--------------------
病人と病気
長谷川 泉
pp.62
発行日 1961年5月10日
Published Date 1961/5/10
DOI https://doi.org/10.11477/mf.1662202333
- 有料閲覧
- 文献概要
ちかごろは,学会がますます細分化され,専門化する傾向にある.1例をとつてみよう.内科学会という大学会はあるにはあるが,内科学という大領域は,それがさらに細分されて脳神経や循環器や消化器や結核病や内分泌などという学会に分かれている.脳神経のなかでも,外科と関連のある部分は,とくに脳神経外科という学会までできている.消化器なども.さらに分かれて肝臓だけが独立の学会になるといつた具合である.したがつて,内科の専門医で,消化器に関心を持ち,さらに肝臓の研究家は,まず肝臓学会に目をそそいで,消化器学会をのぞき,内科学会にも加わるといつた具合になる.
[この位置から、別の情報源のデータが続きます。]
(* Let $G=(V,E)$ be a finite simple undirected graph, $G_0:=G$, and let $W_1,\dots,W_r$ be distinct subsets of $V$ such that for every $t\in\{1,\dots,r\}$, $W_t$ is a clique of $G_{t-1}$ with $|W_t|\ge2$ and $G_t:=G_{t-1}\mid W_t$. Let $k>0$ and suppose that for all $t\in\{1,\dots,r\}$, $|W_t|=k$ and the subgraph of $G_{t-1}$ induced by $\bigcup_{i=1}^tW_i$ is $k$-partite with vertex classes $V_t^1,\dots,V_t^k$. Then $|W_\ell\cap V_t^i|=1$ for all $t\in\{1,\dots,r\}$, $\ell\in\{1,\dots,t\}$ and $i\in\{1,\dots,k\}$.
   Context: The clique projection of a clique $W$ ($|W|\ge2$) of a graph $H=(V,E_H)$ is $H\mid W=(V,E_H\cup\{uv\notin E_H\mid u\ne v,\ W\subseteq N_H(u)\cup N_H(v)\})$, where $N_H(u)$ is the neighborhood of $u$ in $H$. ''$k$-partite with vertex classes $V_t^1,\dots,V_t^k$'' means these sets partition the vertex set of the induced subgraph and each is a stable set in it. *)

From mathcomp Require Import all_boot.
Set Implicit Arguments. Unset Strict Implicit. Unset Printing Implicit Defensive.

Section Graphs.
Variable V : finType.

Definition simple_graph (e : rel V) : Prop := irreflexive e /\ symmetric e.

Definition nbhd (e : rel V) (u : V) : {set V} := [set v | e u v].

Definition clique_proj (e : rel V) (W : {set V}) : rel V :=
  fun u v => e u v || ((u != v) && (W \subset nbhd e u :|: nbhd e v)).

Definition is_clique (e : rel V) (W : {set V}) : Prop :=
  forall x y, x \in W -> y \in W -> x != y -> e x y.

(* G_0 := G, G_t := G_{t-1} | W_t  (W indexed from 1) *)
Fixpoint Gseq (e : rel V) (W : nat -> {set V}) (t : nat) : rel V :=
  if t is t'.+1 then clique_proj (Gseq e W t') (W t) else e.

Definition kpartite_classes (e : rel V) (U : {set V}) (k : nat)
    (C : 'I_k -> {set V}) : Prop :=
  [/\ \bigcup_(i < k) C i = U,
      forall i j : 'I_k, i != j -> [disjoint C i & C j] &
      forall i : 'I_k, forall x y, x \in C i -> y \in C i -> ~~ e x y].

End Graphs.

From mathcomp Require Import all_boot.

(* Clique projection only adds edges, so W_l is still a clique of G_(t-1) for
   l <= t, and a clique meets each stable class V_t^i in at most one vertex.
   The k classes cover the k vertices of W_l, so by pigeonhole none of them
   can miss W_l. *)

Set Implicit Arguments.
Unset Strict Implicit.
Unset Printing Implicit Defensive.

Lemma clique_proj_subrel (V : finType) (e : rel V) (W : {set V}) :
  subrel e (clique_proj e W).
Proof. by move=> x y exy; rewrite /clique_proj exy. Qed.

Lemma Gseq_subrel (V : finType) (G : rel V) (W : nat -> {set V}) a b :
  a <= b -> subrel (Gseq G W a) (Gseq G W b).
Proof.
elim: b => [|b IHb]; first by rewrite leqn0 => /eqP ->.
rewrite leq_eqVlt => /predU1P [-> //| lt_ab] x y exy.
exact/clique_proj_subrel/IHb.
Qed.

Lemma is_clique_subrel (V : finType) (e e' : rel V) (W : {set V}) :
  subrel e e' -> is_clique e W -> is_clique e' W.
Proof. by move=> ee' clW x y xW yW nxy; apply/ee'/clW. Qed.

Lemma card_clique_stable_le1 (V : finType) (e : rel V) (W S : {set V}) :
  is_clique e W -> (forall x y, x \in S -> y \in S -> ~~ e x y) ->
  #|W :&: S| <= 1.
Proof.
move=> clW stS; apply/card_le1_eqP => x y /setIP [xW xS] /setIP [yW yS].
apply/eqP; apply: contraNT (stS x y xS yS); rewrite eq_sym; exact: clW.
Qed.

Lemma card_bigcup_le (T I : finType) (F : I -> {set T}) :
  #|\bigcup_i F i| <= \sum_i #|F i|.
Proof.
elim/big_ind2: _ => [|m A n B leAm leBn|//]; first by rewrite cards0.
exact: leq_trans (leq_card_setU A B) (leq_add leAm leBn).
Qed.

Lemma card_le_sum_cover (T I : finType) (A : {set T}) (C : I -> {set T}) :
  A \subset \bigcup_i C i -> #|A| <= \sum_i #|A :&: C i|.
Proof.
move=> /subsetP A_sub; apply: leq_trans (card_bigcup_le _); apply: subset_leq_card.
apply/subsetP => x xA; have /bigcupP [i _ xCi] := A_sub x xA.
by apply/bigcupP; exists i; rewrite ?inE ?xA.
Qed.

Lemma sum_le1_eq1 (I : finType) (F : I -> nat) :
  (forall i, F i <= 1) -> #|I| <= \sum_i F i -> forall i, F i = 1.
Proof.
move=> F_le1 le_sum i; apply/eqP; rewrite eqn_leq F_le1 lt0n.
apply: contraTneq le_sum => Fi0; rewrite -ltnNge (bigD1 i) //= Fi0 add0n.
apply: (@leq_ltn_trans (\sum_(j | j != i) 1)); first exact: leq_sum.
rewrite sum1_card cardC1 prednK //; apply/card_gt0P; by exists i.
Qed.

Theorem lemma8 (V : finType) (G : rel V) (r : nat) (W : nat -> {set V})
    (k : nat) (C : nat -> 'I_k -> {set V}) :
  simple_graph G ->
  (forall s t, 1 <= s <= r -> 1 <= t <= r -> W s = W t -> s = t) ->
  (forall t, 1 <= t <= r ->
     is_clique (Gseq G W t.-1) (W t) /\ 2 <= #|W t|) ->
  0 < k ->
  (forall t, 1 <= t <= r ->
     #|W t| = k /\
     kpartite_classes (Gseq G W t.-1) (\bigcup_(1 <= i < t.+1) W i) (C t)) ->
  forall t l (i : 'I_k), 1 <= t <= r -> 1 <= l <= t ->
    #|W l :&: C t i| = 1.
Proof.
move=> _ _ clique_W _ kpart t l i /andP [t_ge1 t_le_r] /andP [l_ge1 l_le_t].
have l_range : 1 <= l <= r by rewrite l_ge1 (leq_trans l_le_t t_le_r).
have [card_Wl _] := kpart l l_range.
have t_range : 1 <= t <= r by rewrite t_ge1.
have [cover_Ct _ stable_Ct] := (kpart t t_range).2.
have clique_Wl : is_clique (Gseq G W t.-1) (W l).
  apply: is_clique_subrel (clique_W l l_range).1.
  by apply: Gseq_subrel; rewrite -!subn1 leq_sub2r.
have Wl_sub_cover : W l \subset \bigcup_j C t j.
  rewrite cover_Ct; apply/subsetP => x xWl; rewrite (big_rem l) /= ?inE ?xWl //.
  by rewrite mem_index_iota l_ge1 ltnS.
apply: (sum_le1_eq1 (F := fun j => #|W l :&: C t j|)) => [j|].
  exact: card_clique_stable_le1 (stable_Ct j).
by rewrite card_ord -{1}card_Wl card_le_sum_cover.
Qed.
そうなると,学会の演題なども,肝臓の専門研究家なら,肝臓学会に提出し,その次の関心は消化機学会(消化器学会とはいわない)にそそがれ,最後に内科学会ということになる.かくして,大学会である内科学会は,専門学会でひろわれないような二次的な演題が集まるといつたことにもなりかねないありさまである.このようなことは,いつたい学会のあり方としては,歓迎すべきことなのか,あるいは困つたことなのであろうか.